Switching job from ITSM to Linux Support or System Admin

i’m 38 years old . Due to recent on going retrenchment i’m looking for career switch from ITSM to Linux system admin or Linux Support.

I took Linux RHCSA certification and DevOps course where the course cover

Docker
Jenkins
Terraform
Ansible
AWS
Kurbenetes

I’m still unable to get into the tech industry as lack of experience and interview are asking for real life scenario question. The rhcsa certification is more to linux foundation where it cover admin job

can some one please give me real situation that we might face as Linux Support or System Admin and where can i gain the experience in terms of troubleshooting.

Welcome to the forum!

Given your name, I’d think you’re probably from India. That is going to be a really tough market to get into for you. If by “ITSM” you mean moving from a company like Tata, Infosys, Accenture and others, from a help desk / OPS monitoring job over into Linux, that’s going to be even more of a hard sell. I wish you the best of luck.

When I was getting started I kinda fell in the same trap. Deploying software isn’t the same as running and maintaining software. Knowing how to deploy docker, k8s, ansible, terraform and others isn’t the same as running, tweaking and maintaining them.

It’s gonna be hard for someone to reproduce the issues in the wild in a homelab. Can you figure out what happens when a spike of 1000 users try to hit your website in 1 minute? Can you tweak your website to auto scale? One of your admins reused a password present in a data leak and a hacker gained access to his account and is monitoring the infrastructure and poking around without causing a disturbance yet. Are you aware of that? You have a production database that just crashed and corrupted the DB. Can you bring it back up?

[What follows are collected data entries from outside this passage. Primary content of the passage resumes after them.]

(* Let $(R,\mathfrak{m})$ be a commutative Artinian local ring with identity, $\mathfrak{m}\neq0$ and $\mathfrak{m}^2=0$. For every integer $n\ge7$, $3\in L(x^n)$.
   Context: A nonunit polynomial in $R[x]$ is irreducible if in any factorization into two polynomials one factor is a unit of $R[x]$. A positive integer $k$ is a length of $f$ if $f$ is a product of $k$ irreducible polynomials of $R[x]$; $L(f)$ denotes the set of lengths of $f$. *)

From HB Require Import structures.
From mathcomp Require Import all_boot all_order all_algebra.
Set Implicit Arguments. Unset Strict Implicit. Unset Printing Implicit Defensive.
Import GRing.Theory.
Local Open Scope ring_scope.

Definition is_ideal (R : comNzRingType) (I : R -> Prop) : Prop :=
  [/\ I 0, (forall a b, I a -> I b -> I (a + b)) & (forall r a, I a -> I (r * a))].

Definition is_maximal_ideal (R : comNzRingType) (I : R -> Prop) : Prop :=
  [/\ is_ideal I, ~ I 1 &
      forall J : R -> Prop, is_ideal J -> (forall x, I x -> J x) ->
        (forall x, J x <-> I x) \/ J 1].

Definition artinian (R : comNzRingType) : Prop :=
  forall I : nat -> R -> Prop,
    (forall n, is_ideal (I n)) ->
    (forall n x, I n.+1 x -> I n x) ->
    exists N, forall n, (N <= n)%N -> forall x, I n x <-> I N x.

Definition poly_unit (R : comNzRingType) (f : {poly R}) : Prop :=
  exists g : {poly R}, f * g = 1.

Definition poly_irreducible (R : comNzRingType) (f : {poly R}) : Prop :=
  ~ poly_unit f /\
  forall g h : {poly R}, f = g * h -> poly_unit g \/ poly_unit h.

Definition is_length (R : comNzRingType) (f : {poly R}) (k : nat) : Prop :=
  (0 < k)%N /\
  exists s : seq {poly R},
    [/\ size s = k, (forall p, p \in s -> poly_irreducible p)
      & \prod_(p <- s) p = f].

From Pilot Require Import Defs.
From HB Require Import structures.
From mathcomp Require Import all_boot all_order all_algebra.
From mathcomp Require Import ring zify.
From Stdlib Require Import Classical.
Set Implicit Arguments. Unset Strict Implicit. Unset Printing Implicit Defensive.
Import GRing.Theory.
Local Open Scope ring_scope.

(* Let a be a nonzero element of m. For n = 2d + 1 and n = 2e + 2 (e >= 3),
     x^n = x (x^d + a) (x^d - a) = (x^2 + a) (x^e + a) (x^e - a - a x^(e-2)),
   because a^2 = 0. Each factor is irreducible by the following criterion: if
   every coefficient of f lies in m except the one of x^d (d > 0), and d = 1
   or f(0) != 0, then f is irreducible. Indeed, modulo m a factorization
   f = g h reads unit * x^d = g' h', which forces g' and h' to be monomials,
   i.e. the lowest and highest coefficients of g (resp. h) outside m sit at
   the same index i (resp. j), with i + j = d. If i, j > 0 then
   f(0) = g(0) h(0) lies in m^2 = 0; so, say, i = 0, and then g is a unit
   plus a polynomial of square zero, hence a unit. *)

Lemma classical_ex_min (P : nat -> Prop) :
  (exists n, P n) -> exists i, P i /\ forall j, (j < i)%N -> ~ P j.
Proof.
move=> [n]; elim/ltn_ind: n => n IH Pn.
case: (classic (exists2 j, (j < n)%N & P j)) => [[j ltjn Pj]|noP].
  exact: IH j ltjn Pj.
by exists n; split=> // j ltjn Pj; apply: noP; exists j.
Qed.

Lemma classical_ex_max_below (P : nat -> Prop) N :
  (exists2 n, (n < N)%N & P n) ->
  exists i, P i /\ forall j, (i < j < N)%N -> ~ P j.
Proof.
elim: N => [[n //]|N IH [n ltnN1 Pn]].
case: (classic (P N)) => [PN|nPN].
  by exists N; split=> // j; lia.
have ltnN : (n < N)%N.
  by rewrite ltn_neqAle -ltnS ltnN1 andbT; apply/eqP => enN; case: nPN; rewrite -enN.
have [i [Pi maxi]] := IH (ex_intro2 _ _ n ltnN Pn).
exists i; split=> // j /andP[ltij]; rewrite ltnS leq_eqVlt => /orP[/eqP->//|ltjN].
by apply: maxi; rewrite ltij ltjN.
Qed.

Lemma is_length3 (R : comNzRingType) (f g h : {poly R}) :
  poly_irreducible f -> poly_irreducible g -> poly_irreducible h ->
  is_length (f * g * h) 3.
Proof.
move=> irr_f irr_g irr_h; split=> //; exists [:: f; g; h]; split=> //.
  by move=> p; rewrite !inE => /or3P[] /eqP->.
by rewrite !big_cons big_nil mulr1 mulrA.
Qed.

Lemma maximal_sqr0_unit (R : comNzRingType) (m : R -> Prop) :
  is_maximal_ideal m -> (forall a b, m a -> m b -> a * b = 0) ->
  forall r, ~ m r -> exists s, r * s = 1.
Proof.
move=> [[m0 mD mM] _ m_max] m_mul0 r nmr.
pose J y := exists x s, m x /\ y = x + r * s.
have J_ideal : is_ideal J.
  split.
  - by exists 0, 0; rewrite mulr0 addr0.
  - move=> _ _ [x [s [mx ->]]] [y [t [my ->]]].
    exists (x + y), (s + t); split; first exact: mD.
    by rewrite mulrDr addrACA.
  - move=> r' _ [x [s [mx ->]]]; exists (r' * x), (r' * s); split; first exact: mM.
    by rewrite mulrDr mulrCA.
have mJ x : m x -> J x by move=> mx; exists x, 0; rewrite mulr0 addr0.
case: (m_max J J_ideal mJ) => [J_m|[x [s [mx e1]]]].
  by case: nmr; apply/J_m; exists 0, 1; rewrite mulr1 add0r.
exists (s * (1 + x)); rewrite mulrA.
have -> : r * s = 1 - x by rewrite e1 addrC addKr.
have -> : (1 - x) * (1 + x) = 1 - x * x by ring.
by rewrite m_mul0 // subr0.
Qed.

Section SquareZeroLocalRing.

Variable R : comNzRingType.
Variable m : R -> Prop.
Hypotheses (m0 : m 0) (mD : forall a b, m a -> m b -> m (a + b))
  (mMl : forall r a, m a -> m (r * a)).
Hypothesis m1 : ~ m 1.
Hypothesis unit_notin_m : forall r, ~ m r -> exists s, r * s = 1.
Hypothesis m_mul0 : forall a b, m a -> m b -> a * b = 0.

Lemma mMr a r : m a -> m (a * r).
Proof. by move=> ma; rewrite mulrC; apply: mMl. Qed.

Lemma mN a : m a -> m (- a).
Proof. by move=> ma; rewrite -mulN1r; apply: mMl. Qed.

Lemma mB a b : m a -> m b -> m (a - b).
Proof. by move=> ma mb; apply: mD => //; apply: mN. Qed.

Lemma m_mul_or a b : m a \/ m b -> m (a * b).
Proof. by case=> [/mMr|/mMl]. Qed.

Lemma m_sum (I : Type) (r : seq I) (P : pred I) (F : I -> R) :
  (forall i, P i -> m (F i)) -> m (\sum_(i <- r | P i) F i).
Proof. by move=> mF; apply: big_ind. Qed.

Lemma notin_m_addr u x : ~ m u -> m x -> ~ m (u + x).
Proof. by move=> nmu mx mux; apply: nmu; rewrite -(addrK x u); apply: mB. Qed.

Lemma notin_m_mul u v : ~ m u -> ~ m v -> ~ m (u * v).
Proof.
move=> /unit_notin_m[u' uu'] /unit_notin_m[v' vv'] muv; apply: m1.
have -> : 1 = (u' * v') * (u * v) by rewrite mulrACA [v' * v]mulrC vv' mulr1 mulrC uu'.
exact: mMl.
Qed.

Definition coefs_in_m (p : {poly R}) := forall i, m p`_i.

Definition m_lowest (p : {poly R}) i := ~ m p`_i /\ forall j, (j < i)%N -> m p`_j.

Definition m_highest (p : {poly R}) i := ~ m p`_i /\ forall j, (i < j)%N -> m p`_j.

Lemma m_lowest_exists p : ~ coefs_in_m p -> exists i, m_lowest p i.
Proof.
move=> /not_all_ex_not/classical_ex_min[i [nmi mini]].
by exists i; split=> // j /mini/NNPP.
Qed.

Lemma m_highest_exists p : ~ coefs_in_m p -> exists i, m_highest p i.
Proof.
move=> /not_all_ex_not[k nmk].
have ltk_size : (k < size p)%N.
  by rewrite ltnNge; apply/negP => /leq_sizeP pk0; apply: nmk; rewrite pk0.
have [i [nmi maxi]] :=
  @classical_ex_max_below (fun k => ~ m p`_k) _ (ex_intro2 _ _ k ltk_size nmk).
exists i; split=> // j ltij; case: (ltnP j (size p)) => [ltj_size|/leq_sizeP-> //].
by apply: NNPP; apply: maxi; rewrite ltij.
Qed.

Lemma coefs_in_mMl p q : coefs_in_m q -> coefs_in_m (p * q).
Proof. by move=> mq i; rewrite coefM; apply: m_sum => j _; apply: mMl. Qed.

Lemma coefs_in_mMr p q : coefs_in_m p -> coefs_in_m (p * q).
Proof. by move=> mp; rewrite mulrC; apply: coefs_in_mMl. Qed.

Lemma coefs_in_m_mul0 p q : coefs_in_m p -> coefs_in_m q -> p * q = 0.
Proof.
move=> mp mq; apply/polyP => i; rewrite coefM coef0 big1 // => j _.
exact: m_mul0.
Qed.

Lemma coefM_in_m (g h : {poly R}) k :
  (forall l, (l <= k)%N -> m g`_l \/ m h`_(k - l)) -> m (g * h)`_k.
Proof.
by move=> mgh; rewrite coefM; apply: m_sum => l _; apply: m_mul_or; apply: mgh; rewrite -ltnS.
Qed.

Lemma coefM_notin_m (g h : {poly R}) i j : ~ m g`_i -> ~ m h`_j ->
  (forall l, l != i -> (l <= i + j)%N -> m g`_l \/ m h`_(i + j - l)) ->
  ~ m (g * h)`_(i + j).
Proof.
move=> nmgi nmhj mgh.
rewrite coefM (bigD1 (@Ordinal (i + j).+1 i (leq_addr j i.+1))) //= addKn.
apply: notin_m_addr; first exact: notin_m_mul.
apply: m_sum => l neli; apply: m_mul_or; apply: mgh; last by rewrite -ltnS.
by rewrite -val_eqE in neli.
Qed.

Lemma m_lowestM g h i j : m_lowest g i -> m_lowest h j -> m_lowest (g * h) (i + j).
Proof.
move=> [nmgi lowg] [nmhj lowh]; split.
  apply: coefM_notin_m => // l neli lelij.
  by case: (ltngtP l i) neli => // [/lowg|ltil _]; [left | right; apply: lowh; lia].
move=> k ltk; apply: coefM_in_m => l lelk.
by case: (ltnP l i) => [/lowg|leil]; [left | right; apply: lowh; lia].
Qed.

Lemma m_highestM g h i j : m_highest g i -> m_highest h j -> m_highest (g * h) (i + j).
Proof.
move=> [nmgi highg] [nmhj highh]; split.
  apply: coefM_notin_m => // l neli lelij.
  by case: (ltngtP l i) neli => // [ltli _|/highg]; [right; apply: highh; lia | left].
move=> k ltk; apply: coefM_in_m => l lelk.
by case: (ltnP i l) => [/highg|leli]; [left | right; apply: highh; lia].
Qed.

Lemma m_lowest_uniq p i j : m_lowest p i -> m_lowest p j -> i = j.
Proof.
by move=> [nmi lowi] [nmj lowj]; case: (ltngtP i j) => // [/lowj|/lowi].
Qed.

Lemma m_highest_uniq p i j : m_highest p i -> m_highest p j -> i = j.
Proof.
by move=> [nmi highi] [nmj highj]; case: (ltngtP i j) => // [/highi|/highj].
Qed.

Lemma m_lowest_leq_highest p i j : m_lowest p i -> m_highest p j -> (i <= j)%N.
Proof. by move=> [_ lowi] [nmj _]; rewrite leqNgt; apply/negP => /lowi. Qed.

Lemma m_highest0_poly_unit p : m_highest p 0 -> Defs.poly_unit p.
Proof.
move=> [/unit_notin_m[v p0v] highp].
pose q := p - (p`_0)%:P.
have q_m : coefs_in_m q.
  by case=> [|i]; rewrite /q coefB coefC /= ?subrr // subr0; apply: highp.
have qq0 : q * q = 0 by apply: coefs_in_m_mul0.
have p0v1 : (p`_0)%:P * v%:P = 1 by rewrite -polyCM p0v.
exists (v%:P - v%:P * v%:P * q).
have -> : p = (p`_0)%:P + q by rewrite /q addrC subrK.
have -> : ((p`_0)%:P + q) * (v%:P - v%:P * v%:P * q) =
  1 + ((p`_0)%:P * v%:P - 1) * (1 - v%:P * q) - v%:P * v%:P * (q * q) by ring.
by rewrite p0v1 qq0 subrr mul0r mulr0 addr0 subr0.
Qed.

Lemma poly_irreducible_mod_m_monomial f d : (0 < d)%N ->
  m_lowest f d -> m_highest f d -> (d = 1%N \/ f`_0 != 0) -> poly_irreducible f.
Proof.
move=> d_gt0 lowf highf d1_or_f0.
have factor_notin_m g h : f = g * h -> ~ coefs_in_m g /\ ~ coefs_in_m h.
  move=> fE; split=> mgh; apply: lowf.1; rewrite fE.
    exact: coefs_in_mMr.
  exact: coefs_in_mMl.
split.
  move=> [g fg1].
  have [j lowg] : exists j, m_lowest g j.
    by apply: m_lowest_exists => mg; apply: m1; have := coefs_in_mMl f mg 0; rewrite fg1 coef1.
  have low1 : m_lowest (f * g) 0 by rewrite fg1; split; rewrite ?coef1.
  by have := m_lowest_uniq (m_lowestM lowf lowg) low1; lia.
move=> g h fE; have [ng nh] := factor_notin_m g h fE.
have [i lowg] := m_lowest_exists ng; have [j lowh] := m_lowest_exists nh.
have [i' highg] := m_highest_exists ng; have [j' highh] := m_highest_exists nh.
have dE : d = (i + j)%N by apply: m_lowest_uniq lowf _; rewrite fE; apply: m_lowestM.
have dE' : d = (i' + j')%N by apply: m_highest_uniq highf _; rewrite fE; apply: m_highestM.
have := m_lowest_leq_highest lowg highg; have := m_lowest_leq_highest lowh highh.
move=> lejj' leii'; have ei : i' = i by lia.
have ej : j' = j by lia.
subst i' j'.
have [i0|j0] : i = 0%N \/ j = 0%N.
  case: d1_or_f0 => [|f0]; first lia.
  case: (posnP i) => [|i_gt0]; first by left.
  case: (posnP j) => [|j_gt0]; first by right.
  by case/eqP: f0; rewrite fE coef0M m_mul0 //; [apply: lowg.2 | apply: lowh.2].
- by left; apply: m_highest0_poly_unit; rewrite -i0.
- by right; apply: m_highest0_poly_unit; rewrite -j0.
Qed.

Lemma poly_irreducible_XnD d q : (0 < d)%N -> coefs_in_m q -> q`_d = 0 ->
  (d = 1%N \/ q`_0 != 0) -> poly_irreducible ('X^d + q).
Proof.
move=> d_gt0 mq qd0 d1_or_q0.
have coefXnDq i : ('X^d + q)`_i = (i == d)%:R + q`_i by rewrite coefD coefXn.
have nm_d : ~ m ('X^d + q)`_d by rewrite coefXnDq eqxx qd0 addr0.
have m_ne i : i != d -> m ('X^d + q)`_i by move=> /negPf nid; rewrite coefXnDq nid add0r.
apply: (poly_irreducible_mod_m_monomial d_gt0).
- by split=> // j ltjd; apply: m_ne; rewrite ltn_eqF.
- by split=> // j ltdj; apply: m_ne; rewrite gtn_eqF.
- by rewrite coefXnDq (_ : (0 == d)%N = false) ?add0r //; lia.
Qed.

Lemma poly_irreducibleX : poly_irreducible ('X : {poly R}).
Proof.
rewrite -['X]addr0; apply: (@poly_irreducible_XnD 1); rewrite ?coef0 //; last by left.
by move=> i; rewrite coef0.
Qed.

Lemma poly_irreducible_XnDC d c : (0 < d)%N -> m c -> c != 0 ->
  poly_irreducible ('X^d + c%:P).
Proof.
move=> d_gt0 mc c_neq0; apply: poly_irreducible_XnD; rewrite ?coefC //.
- by move=> i; rewrite coefC; case: ifP.
- by rewrite gtn_eqF.
- by right.
Qed.

Variable a : R.
Hypotheses (ma : m a) (a_neq0 : a != 0).

Lemma Xn_odd_length3 d : (0 < d)%N -> is_length ('X^((d + d).+1) : {poly R}) 3.
Proof.
move=> d_gt0.
have -> : 'X^((d + d).+1) = 'X * ('X^d + a%:P) * ('X^d + (- a)%:P) :> {poly R}.
  have aa0 : a%:P * a%:P = 0 :> {poly R} by rewrite -polyCM m_mul0.
  rewrite polyCN exprS exprD; set A := a%:P.
  have -> : 'X * ('X^d + A) * ('X^d + - A) = 'X * ('X^d * 'X^d) - 'X * (A * A) by ring.
  by rewrite aa0 mulr0 subr0.
apply: is_length3; first exact: poly_irreducibleX.
- exact: poly_irreducible_XnDC.
- by apply: poly_irreducible_XnDC; rewrite ?oppr_eq0 //; apply: mN.
Qed.

Lemma Xn_even_length3 e : (3 <= e)%N -> is_length ('X^(e + e + 2) : {poly R}) 3.
Proof.
move=> e_ge3; set Y : {poly R} := 'X^(e - 2); set q := - (a%:P * (1 + Y)).
have XeE : 'X^e = 'X^2 * Y by rewrite -exprD; congr (_ ^+ _); lia.
have -> : 'X^(e + e + 2) = ('X^2 + a%:P) * ('X^e + a%:P) * ('X^e + q).
  have aa0 : a%:P * a%:P = 0 :> {poly R} by rewrite -polyCM m_mul0.
  have -> : 'X^(e + e + 2) = 'X^6 * (Y * Y) :> {poly R}.
    by rewrite -!exprD; congr (_ ^+ _); lia.
  rewrite /q XeE; set A := a%:P.
  have -> : ('X^2 + A) * ('X^2 * Y + A) * ('X^2 * Y + - (A * (1 + Y))) =
    'X^6 * (Y * Y) + A * A * ('X^2 * Y - ('X^2 + 'X^2 * Y) * (1 + Y) - A * (1 + Y)).
    by ring.
  by rewrite aa0 mul0r addr0.
have coef_q i : q`_i = - (a * ((i == 0%N)%:R + (i == e - 2)%N%:R)).
  by rewrite coefN coefCM coefD coef1 coefXn.
apply: is_length3; [exact: poly_irreducible_XnDC | apply: poly_irreducible_XnDC => //; lia | ].
apply: poly_irreducible_XnD; first lia.
- by move=> i; rewrite coef_q; apply: mN; apply: mMr.
- by rewrite coef_q !gtn_eqF ?addr0 ?mulr0 ?oppr0 //; lia.
- by right; rewrite coef_q eqxx ltn_eqF ?addr0 ?mulr1 ?oppr_eq0 //; lia.
Qed.

End SquareZeroLocalRing.

Theorem lemma4p12 (R : comNzRingType) (m : R -> Prop)
  (hart : artinian R)
  (hmax : is_maximal_ideal m)
  (hloc : forall J : R -> Prop, is_maximal_ideal J -> forall x, J x <-> m x)
  (hm0 : exists a : R, m a /\ a != 0)
  (hm2 : forall a b : R, m a -> m b -> a * b = 0)
  (n : nat) (hn : (7 <= n)%N) :
  is_length ('X^n : {poly R}) 3.
Proof.
have unit_notin_m := maximal_sqr0_unit hmax hm2.
case: hmax hm0 => [[m0 mD mM] m1 _] [a [ma a_neq0]].
have nE := odd_double_half n; rewrite -addnn in nE.
case: (boolP (odd n)) nE => _ nE.
- rewrite -nE add1n.
  by apply: (Xn_odd_length3 m0 mD mM m1 unit_notin_m hm2 ma a_neq0); lia.
- have -> : n = ((n./2).-1 + (n./2).-1 + 2)%N by lia.
  by apply: (Xn_even_length3 m0 mD mM m1 unit_notin_m hm2 ma a_neq0); lia.
Qed.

There’s a ton to learn from deploying software, but most companies will want you to not only know the basics of linux and software deployment, but will want experience in dealing with running the software for many users for a prolonged period of time. That’s not something you gain from a homelab, unfortunately.

If it was me, I’d first look at your enthusiasm, base knowledge level and try to assess your potential. But that’s not what most people do. They want experience and they don’t want to spend too much time training you.

Look for a company that is willing to train their new staff. If you already have a good base and you know to look in /var/log/messages, dmesg, manage systemd and all the other plain basics, then you should have a fairly easy time going in.